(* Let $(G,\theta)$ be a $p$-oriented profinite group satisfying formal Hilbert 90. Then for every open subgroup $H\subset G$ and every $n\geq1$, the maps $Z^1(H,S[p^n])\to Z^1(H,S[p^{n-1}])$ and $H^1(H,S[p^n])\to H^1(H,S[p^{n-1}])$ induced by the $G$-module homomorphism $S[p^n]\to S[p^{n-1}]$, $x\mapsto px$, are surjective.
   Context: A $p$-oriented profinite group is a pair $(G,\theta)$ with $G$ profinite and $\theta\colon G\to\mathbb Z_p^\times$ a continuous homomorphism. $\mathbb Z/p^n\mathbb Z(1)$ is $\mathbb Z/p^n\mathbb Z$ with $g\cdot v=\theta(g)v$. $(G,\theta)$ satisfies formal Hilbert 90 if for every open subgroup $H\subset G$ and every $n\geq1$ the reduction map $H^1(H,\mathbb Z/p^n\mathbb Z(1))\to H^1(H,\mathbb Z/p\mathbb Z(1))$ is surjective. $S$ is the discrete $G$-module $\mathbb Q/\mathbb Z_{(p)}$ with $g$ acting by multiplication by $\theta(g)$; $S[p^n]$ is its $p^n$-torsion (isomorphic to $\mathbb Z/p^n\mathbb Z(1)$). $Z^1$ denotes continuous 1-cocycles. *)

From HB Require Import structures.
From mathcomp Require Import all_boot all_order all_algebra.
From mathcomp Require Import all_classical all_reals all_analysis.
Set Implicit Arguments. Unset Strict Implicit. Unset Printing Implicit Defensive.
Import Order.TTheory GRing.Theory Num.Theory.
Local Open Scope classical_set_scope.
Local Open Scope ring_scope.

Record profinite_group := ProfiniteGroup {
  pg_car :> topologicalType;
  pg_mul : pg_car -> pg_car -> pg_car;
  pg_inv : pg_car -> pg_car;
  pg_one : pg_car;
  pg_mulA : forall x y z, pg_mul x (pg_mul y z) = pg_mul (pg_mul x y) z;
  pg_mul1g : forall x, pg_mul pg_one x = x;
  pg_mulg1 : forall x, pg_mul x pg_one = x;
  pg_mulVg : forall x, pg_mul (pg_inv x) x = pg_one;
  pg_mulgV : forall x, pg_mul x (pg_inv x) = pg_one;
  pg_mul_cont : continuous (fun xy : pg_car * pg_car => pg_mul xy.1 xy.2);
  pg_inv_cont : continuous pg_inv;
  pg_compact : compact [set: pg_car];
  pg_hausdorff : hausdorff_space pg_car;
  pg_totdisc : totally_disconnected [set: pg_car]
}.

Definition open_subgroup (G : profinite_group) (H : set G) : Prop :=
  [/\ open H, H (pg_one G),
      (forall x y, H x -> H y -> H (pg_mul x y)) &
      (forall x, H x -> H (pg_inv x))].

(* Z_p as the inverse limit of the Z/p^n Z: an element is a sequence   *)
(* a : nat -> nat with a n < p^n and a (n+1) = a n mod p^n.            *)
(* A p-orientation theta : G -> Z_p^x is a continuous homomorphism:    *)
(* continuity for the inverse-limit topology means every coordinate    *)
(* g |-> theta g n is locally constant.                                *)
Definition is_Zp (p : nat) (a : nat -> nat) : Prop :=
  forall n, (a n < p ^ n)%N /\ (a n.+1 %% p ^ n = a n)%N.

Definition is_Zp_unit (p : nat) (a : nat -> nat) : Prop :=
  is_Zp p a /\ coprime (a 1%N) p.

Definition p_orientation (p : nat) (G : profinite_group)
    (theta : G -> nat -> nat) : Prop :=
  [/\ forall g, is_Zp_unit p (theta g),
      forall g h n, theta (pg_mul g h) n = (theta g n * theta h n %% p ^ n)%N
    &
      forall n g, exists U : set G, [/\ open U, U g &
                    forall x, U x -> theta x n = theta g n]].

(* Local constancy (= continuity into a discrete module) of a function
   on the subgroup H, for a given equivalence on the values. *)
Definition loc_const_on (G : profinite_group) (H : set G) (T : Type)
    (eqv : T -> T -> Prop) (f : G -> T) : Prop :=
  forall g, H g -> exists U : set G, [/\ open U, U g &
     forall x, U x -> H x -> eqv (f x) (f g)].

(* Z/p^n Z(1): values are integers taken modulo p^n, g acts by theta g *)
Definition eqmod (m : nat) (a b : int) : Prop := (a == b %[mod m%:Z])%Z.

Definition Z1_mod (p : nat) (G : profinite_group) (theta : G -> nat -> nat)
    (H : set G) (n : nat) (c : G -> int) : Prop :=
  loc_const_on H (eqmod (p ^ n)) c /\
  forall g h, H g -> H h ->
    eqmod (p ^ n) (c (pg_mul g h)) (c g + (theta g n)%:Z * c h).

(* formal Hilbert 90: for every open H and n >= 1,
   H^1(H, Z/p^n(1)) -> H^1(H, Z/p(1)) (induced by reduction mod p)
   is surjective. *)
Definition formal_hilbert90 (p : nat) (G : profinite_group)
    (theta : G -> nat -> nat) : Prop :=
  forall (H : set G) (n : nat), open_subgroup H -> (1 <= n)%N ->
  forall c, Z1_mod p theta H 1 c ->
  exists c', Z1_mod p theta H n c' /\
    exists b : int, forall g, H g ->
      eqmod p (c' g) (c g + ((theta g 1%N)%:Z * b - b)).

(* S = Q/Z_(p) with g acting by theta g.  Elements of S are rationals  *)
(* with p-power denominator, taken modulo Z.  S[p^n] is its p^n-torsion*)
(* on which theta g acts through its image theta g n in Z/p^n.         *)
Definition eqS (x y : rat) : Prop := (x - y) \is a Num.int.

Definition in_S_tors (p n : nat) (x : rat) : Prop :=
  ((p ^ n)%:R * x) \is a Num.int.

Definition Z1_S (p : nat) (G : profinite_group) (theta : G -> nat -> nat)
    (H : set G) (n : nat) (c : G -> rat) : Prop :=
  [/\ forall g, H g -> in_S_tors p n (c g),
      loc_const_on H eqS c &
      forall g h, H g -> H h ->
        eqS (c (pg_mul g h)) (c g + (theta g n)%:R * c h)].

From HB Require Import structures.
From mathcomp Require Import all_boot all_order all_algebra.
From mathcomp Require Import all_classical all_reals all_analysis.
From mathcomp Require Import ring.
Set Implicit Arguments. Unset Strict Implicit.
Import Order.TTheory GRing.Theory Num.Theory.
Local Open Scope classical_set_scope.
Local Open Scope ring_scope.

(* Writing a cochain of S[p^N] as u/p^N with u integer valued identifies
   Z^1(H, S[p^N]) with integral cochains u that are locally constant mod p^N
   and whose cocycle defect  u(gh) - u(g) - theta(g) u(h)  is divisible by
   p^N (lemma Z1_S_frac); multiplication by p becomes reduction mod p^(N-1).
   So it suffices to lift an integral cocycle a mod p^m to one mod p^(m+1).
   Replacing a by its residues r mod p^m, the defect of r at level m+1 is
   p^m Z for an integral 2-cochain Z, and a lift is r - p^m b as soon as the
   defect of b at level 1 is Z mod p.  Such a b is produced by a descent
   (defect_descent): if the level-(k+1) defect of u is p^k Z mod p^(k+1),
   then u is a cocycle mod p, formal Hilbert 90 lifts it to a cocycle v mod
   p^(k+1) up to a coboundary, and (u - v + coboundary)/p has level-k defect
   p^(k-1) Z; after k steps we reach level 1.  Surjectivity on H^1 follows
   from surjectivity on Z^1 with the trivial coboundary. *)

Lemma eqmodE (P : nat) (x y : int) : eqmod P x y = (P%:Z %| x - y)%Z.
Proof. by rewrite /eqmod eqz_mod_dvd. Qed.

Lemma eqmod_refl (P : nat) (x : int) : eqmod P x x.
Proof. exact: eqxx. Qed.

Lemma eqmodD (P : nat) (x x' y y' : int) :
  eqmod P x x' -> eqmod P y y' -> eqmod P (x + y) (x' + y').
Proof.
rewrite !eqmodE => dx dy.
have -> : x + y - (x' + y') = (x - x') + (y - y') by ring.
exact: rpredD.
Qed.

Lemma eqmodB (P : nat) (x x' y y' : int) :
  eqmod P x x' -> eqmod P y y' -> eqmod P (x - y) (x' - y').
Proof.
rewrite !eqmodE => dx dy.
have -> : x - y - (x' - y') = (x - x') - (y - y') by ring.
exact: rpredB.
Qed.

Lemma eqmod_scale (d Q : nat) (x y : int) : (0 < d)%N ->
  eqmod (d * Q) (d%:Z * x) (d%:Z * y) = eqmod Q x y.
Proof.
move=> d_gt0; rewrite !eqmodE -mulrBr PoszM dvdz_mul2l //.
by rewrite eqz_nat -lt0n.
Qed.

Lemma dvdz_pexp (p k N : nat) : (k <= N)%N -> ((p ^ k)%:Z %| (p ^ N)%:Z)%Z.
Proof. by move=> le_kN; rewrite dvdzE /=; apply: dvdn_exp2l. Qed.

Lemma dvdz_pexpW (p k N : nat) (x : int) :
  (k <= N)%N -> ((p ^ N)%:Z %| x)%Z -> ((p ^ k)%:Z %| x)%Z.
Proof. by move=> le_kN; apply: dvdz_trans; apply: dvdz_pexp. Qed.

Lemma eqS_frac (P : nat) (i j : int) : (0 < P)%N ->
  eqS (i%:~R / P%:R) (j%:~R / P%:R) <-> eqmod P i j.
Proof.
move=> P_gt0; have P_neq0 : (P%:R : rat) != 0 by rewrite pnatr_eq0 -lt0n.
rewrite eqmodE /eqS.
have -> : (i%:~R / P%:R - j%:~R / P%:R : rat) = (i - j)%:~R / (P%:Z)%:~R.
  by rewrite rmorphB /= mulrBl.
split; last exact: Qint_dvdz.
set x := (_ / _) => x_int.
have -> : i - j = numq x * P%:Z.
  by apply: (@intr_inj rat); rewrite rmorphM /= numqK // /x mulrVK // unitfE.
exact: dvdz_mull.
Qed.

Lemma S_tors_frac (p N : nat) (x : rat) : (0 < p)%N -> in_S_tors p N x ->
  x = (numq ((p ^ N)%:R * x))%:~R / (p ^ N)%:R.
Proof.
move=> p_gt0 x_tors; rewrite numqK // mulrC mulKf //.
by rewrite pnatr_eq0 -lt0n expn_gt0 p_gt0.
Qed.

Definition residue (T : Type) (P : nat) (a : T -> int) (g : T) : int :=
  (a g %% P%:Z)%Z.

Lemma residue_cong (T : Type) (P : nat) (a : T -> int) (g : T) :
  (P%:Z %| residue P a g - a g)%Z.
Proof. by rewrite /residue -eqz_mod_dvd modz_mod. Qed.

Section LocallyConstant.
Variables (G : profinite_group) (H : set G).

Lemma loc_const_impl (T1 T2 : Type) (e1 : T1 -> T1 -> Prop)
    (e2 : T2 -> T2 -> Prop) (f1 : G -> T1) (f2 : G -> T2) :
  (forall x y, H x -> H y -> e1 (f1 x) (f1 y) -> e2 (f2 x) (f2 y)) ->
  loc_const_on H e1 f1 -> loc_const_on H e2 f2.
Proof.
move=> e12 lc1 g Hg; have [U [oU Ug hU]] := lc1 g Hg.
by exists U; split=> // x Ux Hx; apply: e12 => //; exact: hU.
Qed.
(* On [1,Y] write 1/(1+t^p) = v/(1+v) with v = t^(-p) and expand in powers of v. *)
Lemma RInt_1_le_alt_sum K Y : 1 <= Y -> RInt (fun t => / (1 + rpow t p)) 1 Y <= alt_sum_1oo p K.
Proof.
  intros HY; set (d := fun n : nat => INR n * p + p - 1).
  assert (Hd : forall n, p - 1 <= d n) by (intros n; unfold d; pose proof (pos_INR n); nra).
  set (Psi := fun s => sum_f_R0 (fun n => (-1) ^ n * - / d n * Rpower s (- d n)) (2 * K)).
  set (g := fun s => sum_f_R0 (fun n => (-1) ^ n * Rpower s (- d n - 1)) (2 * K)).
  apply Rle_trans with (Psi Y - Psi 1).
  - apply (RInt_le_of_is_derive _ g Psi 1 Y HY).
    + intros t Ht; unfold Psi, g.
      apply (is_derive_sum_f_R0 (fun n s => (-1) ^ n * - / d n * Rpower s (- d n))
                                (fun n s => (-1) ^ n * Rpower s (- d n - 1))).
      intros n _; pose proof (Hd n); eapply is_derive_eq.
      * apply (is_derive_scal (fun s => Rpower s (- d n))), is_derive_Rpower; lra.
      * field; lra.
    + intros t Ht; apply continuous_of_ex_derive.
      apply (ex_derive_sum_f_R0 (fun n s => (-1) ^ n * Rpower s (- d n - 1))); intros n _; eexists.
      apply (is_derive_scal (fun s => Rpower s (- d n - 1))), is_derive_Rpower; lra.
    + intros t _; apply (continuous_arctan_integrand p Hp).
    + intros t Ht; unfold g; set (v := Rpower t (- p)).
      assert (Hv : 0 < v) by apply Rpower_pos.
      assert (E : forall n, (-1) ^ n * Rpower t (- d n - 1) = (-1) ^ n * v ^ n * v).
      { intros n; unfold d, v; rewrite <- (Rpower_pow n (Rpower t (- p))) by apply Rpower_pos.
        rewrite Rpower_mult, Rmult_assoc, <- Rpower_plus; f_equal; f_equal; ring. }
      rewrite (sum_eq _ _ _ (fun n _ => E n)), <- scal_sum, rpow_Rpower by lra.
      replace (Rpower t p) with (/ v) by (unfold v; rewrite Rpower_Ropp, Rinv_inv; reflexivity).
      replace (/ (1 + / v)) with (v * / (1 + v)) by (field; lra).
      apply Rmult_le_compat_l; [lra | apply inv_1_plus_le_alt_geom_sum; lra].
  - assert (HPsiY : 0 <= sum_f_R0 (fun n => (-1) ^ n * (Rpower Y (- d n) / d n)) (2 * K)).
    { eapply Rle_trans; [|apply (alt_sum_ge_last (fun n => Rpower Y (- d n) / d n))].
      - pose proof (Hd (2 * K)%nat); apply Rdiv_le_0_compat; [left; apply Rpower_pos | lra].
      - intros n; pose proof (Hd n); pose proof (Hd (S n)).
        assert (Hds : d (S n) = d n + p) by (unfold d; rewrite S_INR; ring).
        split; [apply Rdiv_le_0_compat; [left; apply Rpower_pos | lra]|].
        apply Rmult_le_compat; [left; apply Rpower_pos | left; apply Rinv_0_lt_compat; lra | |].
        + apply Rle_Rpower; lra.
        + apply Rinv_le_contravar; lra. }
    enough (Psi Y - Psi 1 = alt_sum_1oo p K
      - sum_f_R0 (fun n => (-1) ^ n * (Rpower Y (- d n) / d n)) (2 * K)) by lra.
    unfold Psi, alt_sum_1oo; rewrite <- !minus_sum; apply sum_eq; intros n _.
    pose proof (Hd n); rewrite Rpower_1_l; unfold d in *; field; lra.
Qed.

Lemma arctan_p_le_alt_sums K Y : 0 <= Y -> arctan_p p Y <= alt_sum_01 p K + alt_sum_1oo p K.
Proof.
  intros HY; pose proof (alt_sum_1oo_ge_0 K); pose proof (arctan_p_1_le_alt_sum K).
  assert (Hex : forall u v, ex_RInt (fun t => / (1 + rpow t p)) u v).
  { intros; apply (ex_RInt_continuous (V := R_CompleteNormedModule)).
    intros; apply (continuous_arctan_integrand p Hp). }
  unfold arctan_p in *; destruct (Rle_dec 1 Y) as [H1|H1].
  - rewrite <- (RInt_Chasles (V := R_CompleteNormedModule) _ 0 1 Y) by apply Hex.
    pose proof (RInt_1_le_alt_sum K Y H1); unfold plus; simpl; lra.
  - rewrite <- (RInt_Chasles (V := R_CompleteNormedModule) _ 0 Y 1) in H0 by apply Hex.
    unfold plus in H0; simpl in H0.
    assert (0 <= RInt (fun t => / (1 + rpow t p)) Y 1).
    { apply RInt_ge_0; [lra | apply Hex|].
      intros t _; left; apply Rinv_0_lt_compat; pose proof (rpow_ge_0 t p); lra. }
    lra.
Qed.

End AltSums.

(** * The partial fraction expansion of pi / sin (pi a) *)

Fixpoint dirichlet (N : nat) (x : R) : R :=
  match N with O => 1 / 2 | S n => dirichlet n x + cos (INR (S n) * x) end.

**ACTIVITY**
Search the listing above for "eapply" and copy every line that holds it.

**RESPONSE BELOW**
      intros n _; pose proof (Hd n); eapply is_derive_eq.
    { eapply Rle_trans; [|apply (alt_sum_ge_last (fun n => Rpower Y (- d n) / d n))].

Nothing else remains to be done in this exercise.